Volume = \(\frac{1}{3}\)πr²h
= \(\frac{1}{3}\) x π x (12)² x 5 cm³= 24071 cm³
The ratio of the volumes of the two solids obtained = 100π : 240 π = 5 : 12

Question 9.
A heap of wheat is in the form of a cone whose diameter is 10.5 m and height is 3 m. Find its volume. The heap is to be covered by canvas to protect it from rain. Find the area of the canvas required.
Solution:
For heap of wheat
Diameter = 10.5 m
∴ Radius (r) = \(\frac{10.5}{2}\) cm = 5.25 m
Height (A) = 3m
∴ Volume = \(\frac{1}{3}\)πr²h
= \(\frac{1}{3}\) x \(\frac{22}{7}\) x (5.25)² x 3
= 86.625 m²

Slant height (l) = \(\sqrt{r^{2}+h^{2}}\)

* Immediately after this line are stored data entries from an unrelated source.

(* Let $I\subseteq\mathbb{R}$ be an interval and $f:I\to\mathbb{R}$ a function. Let $a,b,c\in I$ be such that $\frac{a+b}{2}$, $\frac{a+c}{2}$ and $\frac{b+c}{2}$ are points of convexity of $f$ relative to the entire interval $I$. Then $$\frac{f(a)+f(b)+f(c)}{3}+f\left(\frac{a+b+c}{3}\right)\ge\frac{2}{3}\left[f\left(\frac{a+b}{2}\right)+f\left(\frac{a+c}{2}\right)+f\left(\frac{b+c}{2}\right)\right].$$
   Context: A point $p\in I$ is a point of convexity of $f$ relative to $I$ if $f(p)\le\sum_{k=1}^n\lambda_k f(x_k)$ for every finite family of points $x_1,\dots,x_n\in I$ and positive weights $\lambda_1,\dots,\lambda_n$ with $\sum_k\lambda_k=1$ and $\sum_k\lambda_k x_k=p$. *)

From Stdlib Require Import Reals List.
Open Scope R_scope.

Definition is_interval (I : R -> Prop) : Prop :=
  forall x y z, I x -> I y -> x <= z <= y -> I z.

Definition wsum (g : R -> R) (l : list (R * R)) : R :=
  fold_right (fun p acc => fst p * g (snd p) + acc) 0 l.

Definition weights_sum (l : list (R * R)) : R :=
  fold_right (fun p acc => fst p + acc) 0 l.

Definition point_of_convexity (I : R -> Prop) (f : R -> R) (p : R) : Prop :=
  I p /\
  forall l : list (R * R),
    l <> nil ->
    Forall (fun q => 0 < fst q /\ I (snd q)) l ->
    weights_sum l = 1 ->
    wsum (fun x => x) l = p ->
    f p <= wsum f l.

(* Order the points so that one of them, say [a], is a
   pivot: both midpoints [(a + b) / 2] and [(a + c) / 2] lie on the segment from
   [a] to the centroid [s].  Convexity at these two midpoints, applied to the
   chord [a, s], gives [2 f((a+b)/2) + 2 f((a+c)/2) <= f a + 3 f s], and
   convexity at [(b + c) / 2] gives [2 f((b+c)/2) <= f b + f c]; adding them is
   the inequality. *)

From Stdlib Require Import Reals List Lra.
Open Scope R_scope.

Lemma is_interval_between (I : R -> Prop) (x y z : R) :
  is_interval I -> I x -> I y -> 0 <= (z - x) * (y - z) -> I z.
Proof.
  intros HI Ix Iy Hz.
  destruct (Rle_dec x y).
  - apply (HI x y); auto; split; nra.
  - apply (HI y x); auto; split; nra.
Qed.

Lemma point_of_convexity_two_point (I : R -> Prop) (f : R -> R) (p x y l : R) :
  point_of_convexity I f p -> I x -> I y -> 0 < l < 1 ->
  l * x + (1 - l) * y = p -> f p <= l * f x + (1 - l) * f y.
Proof.
  intros [_ Hp] Ix Iy Hl Hbar.
  assert (H := Hp ((l, x) :: (1 - l, y) :: nil)).
  unfold wsum, weights_sum in H; simpl in H.
  rewrite !Rplus_0_r in H.
  apply H.
  - discriminate.
  - repeat constructor; simpl; auto; lra.
  - ring.
  - exact Hbar.
Qed.

Lemma point_of_convexity_midpoint (I : R -> Prop) (f : R -> R) (x y : R) :
  point_of_convexity I f ((x + y) / 2) -> I x -> I y ->
  2 * f ((x + y) / 2) <= f x + f y.
Proof.
  intros Hm Ix Iy.
  assert (H := point_of_convexity_two_point I f _ x y (1/2) Hm Ix Iy
                 ltac:(lra) ltac:(field)).
  lra.
Qed.

(* The chord inequality multiplied by [(v - u)^2], so that it holds whatever the
   order of [u] and [v], including [u = v]. *)
Lemma point_of_convexity_chord (I : R -> Prop) (f : R -> R) (u v m : R) :
  point_of_convexity I f m -> I u -> I v -> 0 <= (m - u) * (v - m) ->
  (v - u) ^ 2 * f m <= (v - u) * (v - m) * f u + (v - u) * (m - u) * f v.
Proof.
  intros Hm Iu Iv Hbetween.
  destruct (Req_dec m u) as [->|Hmu].
  { right; ring. }
  destruct (Req_dec m v) as [->|Hmv].
  { right; ring. }
  assert (Hint : 0 < (m - u) * (v - m)).
  { destruct Hbetween as [|E]; auto.
    symmetry in E; apply Rmult_integral in E; destruct E; lra. }
  assert (Hd : 0 < (v - u) ^ 2) by nra.
  set (l := (v - m) / (v - u)).
  assert (Hl : 0 < l < 1).
  { unfold l; split.
    - apply Rmult_lt_reg_r with ((v - u) ^ 2); [exact Hd|].
      replace ((v - m) / (v - u) * (v - u) ^ 2) with ((v - m) * (v - u))
        by (field; nra).
      nra.
    - apply Rmult_lt_reg_r with ((v - u) ^ 2); [exact Hd|].
      replace ((v - m) / (v - u) * (v - u) ^ 2) with ((v - m) * (v - u))
        by (field; nra).
      nra. }
  assert (H := point_of_convexity_two_point I f m u v l Hm Iu Iv Hl
                 ltac:(unfold l; field; nra)).
  apply Rmult_le_compat_l with (r := (v - u) ^ 2) in H; [|lra].
  replace ((v - u) ^ 2 * (l * f u + (1 - l) * f v))
    with ((v - u) * (v - m) * f u + (v - u) * (m - u) * f v) in H
    by (unfold l; field; nra).
  exact H.
Qed.

(* [p] is a pivot when its midpoints with [q] and [r] lie between [p] and the
   centroid; [0 <= (m - x) * (y - m)] encodes "[m] lies between [x] and [y]". *)
Definition pivot (p q r : R) : Prop :=
  0 <= ((p + q) / 2 - p) * ((p + q + r) / 3 - (p + q) / 2) /\
  0 <= ((p + r) / 2 - p) * ((p + q + r) / 3 - (p + r) / 2).

Lemma pivot_of_le (p q r : R) :
  p <= q -> p <= r -> p + q <= 2 * r -> p + r <= 2 * q -> pivot p q r.
Proof. intros; split; apply Rmult_le_pos; lra. Qed.

Lemma pivot_of_ge (p q r : R) :
  q <= p -> r <= p -> 2 * r <= p + q -> 2 * q <= p + r -> pivot p q r.
Proof. intros; split; nra. Qed.

(* Sorting [x <= y <= z], the pivot is [x] if [y] lies right of [(x + z) / 2]
   and [z] otherwise. *)
Lemma pivot_exists (a b c : R) : pivot a b c \/ pivot b a c \/ pivot c a b.
Proof.
  destruct (Rle_dec a b), (Rle_dec b c), (Rle_dec a c),
    (Rle_dec (a + c) (2 * b)), (Rle_dec (a + b) (2 * c)), (Rle_dec (b + c) (2 * a));
  first
    [ left; apply pivot_of_le; lra
    | left; apply pivot_of_ge; lra
    | right; left; apply pivot_of_le; lra
    | right; left; apply pivot_of_ge; lra
    | right; right; apply pivot_of_le; lra
    | right; right; apply pivot_of_ge; lra ].
Qed.

Lemma popoviciu_at_pivot (I : R -> Prop) (f : R -> R) (p q r : R) :
  is_interval I -> I p -> I q -> I r ->
  point_of_convexity I f ((p + q) / 2) ->
  point_of_convexity I f ((p + r) / 2) ->
  point_of_convexity I f ((q + r) / 2) ->
  pivot p q r ->
  2 * (f ((p + q) / 2) + f ((p + r) / 2) + f ((q + r) / 2))
    <= f p + f q + f r + 3 * f ((p + q + r) / 3).
Proof.
  intros HI Ip Iq Ir Hpq Hpr Hqr [Bq Br].
  assert (Hmid := point_of_convexity_midpoint I f q r Hqr Iq Ir).
  set (s := (p + q + r) / 3) in *.
  (* [s] is the barycenter of [p] and [(q + r) / 2] with weights 1/3, 2/3. *)
  assert (Is : I s).
  { apply (is_interval_between I p ((q + r) / 2)); auto.
    - apply Hqr.
    - replace ((s - p) * ((q + r) / 2 - s)) with ((q + r - 2 * p) ^ 2 / 18)
        by (unfold s; field).
      apply Rmult_le_pos; [apply pow2_ge_0 | lra]. }
  destruct (Req_dec s p) as [Esp|Hsp].
  { assert (q = p) by (unfold s in Esp, Bq; nra).
    assert (r = p) by (unfold s in Esp, Br; nra).
    subst q r.
    replace ((p + p) / 2) with p in * by field.
    rewrite Esp; lra. }
  assert (Cq := point_of_convexity_chord I f p s _ Hpq Ip Is Bq).
  assert (Cr := point_of_convexity_chord I f p s _ Hpr Ip Is Br).
  (* Summing the two chords, the weights of [f p] and [f s] add up to
     [(s - p)^2] and [3 (s - p)^2], since [(p + q) / 2 + (p + r) / 2 = (3 s + p) / 2]. *)
  assert (Hsum : (s - p) ^ 2 * (2 * f ((p + q) / 2) + 2 * f ((p + r) / 2))
                 <= (s - p) ^ 2 * (f p + 3 * f s)).
  { replace ((s - p) ^ 2 * (f p + 3 * f s)) with
      (2 * ((s - p) * (s - (p + q) / 2) * f p + (s - p) * ((p + q) / 2 - p) * f s) +
       2 * ((s - p) * (s - (p + r) / 2) * f p + (s - p) * ((p + r) / 2 - p) * f s))
      by (unfold s; field).
    lra. }
  apply Rmult_le_reg_l in Hsum; [lra|].
  assert (0 < (s - p) * (s - p)) by (apply Rsqr_pos_lt; lra).
  lra.
Qed.

Theorem theorem3 (I : R -> Prop) (f : R -> R) (a b c : R) :
  is_interval I ->
  I a -> I b -> I c ->
  point_of_convexity I f ((a + b) / 2) ->
  point_of_convexity I f ((a + c) / 2) ->
  point_of_convexity I f ((b + c) / 2) ->
  (f a + f b + f c) / 3 + f ((a + b + c) / 3)
    >= 2 / 3 * (f ((a + b) / 2) + f ((a + c) / 2) + f ((b + c) / 2)).
Proof.
  intros HI Ia Ib Ic Hab Hac Hbc.
  assert (Hba : point_of_convexity I f ((b + a) / 2)) by (rewrite Rplus_comm; exact Hab).
  assert (Hca : point_of_convexity I f ((c + a) / 2)) by (rewrite Rplus_comm; exact Hac).
  assert (Hcb : point_of_convexity I f ((c + b) / 2)) by (rewrite Rplus_comm; exact Hbc).
  destruct (pivot_exists a b c) as [Pa|[Pb|Pc]].
  - assert (H := popoviciu_at_pivot I f a b c HI Ia Ib Ic Hab Hac Hbc Pa).
    lra.
  - assert (H := popoviciu_at_pivot I f b a c HI Ib Ia Ic Hba Hbc Hac Pb).
    rewrite (Rplus_comm b a) in H.
    lra.
  - assert (H := popoviciu_at_pivot I f c a b HI Ic Ia Ib Hca Hcb Hab Pc).
    replace (c + a + b) with (a + b + c) in H by ring.
    rewrite (Rplus_comm c a), (Rplus_comm c b) in H.
    lra.
Qed.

= \(\sqrt{(5.25)^{2}+(3)^{2}}\)
= \(\sqrt{27.5625+9}\)
= \(\sqrt{36.5629}\)
= 6.05 m (approx.)
∴ Curved surface area = πrl 22
= \(\frac{22}{7}\) x 5.25 x 6.05
= 99.825 m²
Hence, the area of the canvas required is 99.825 m².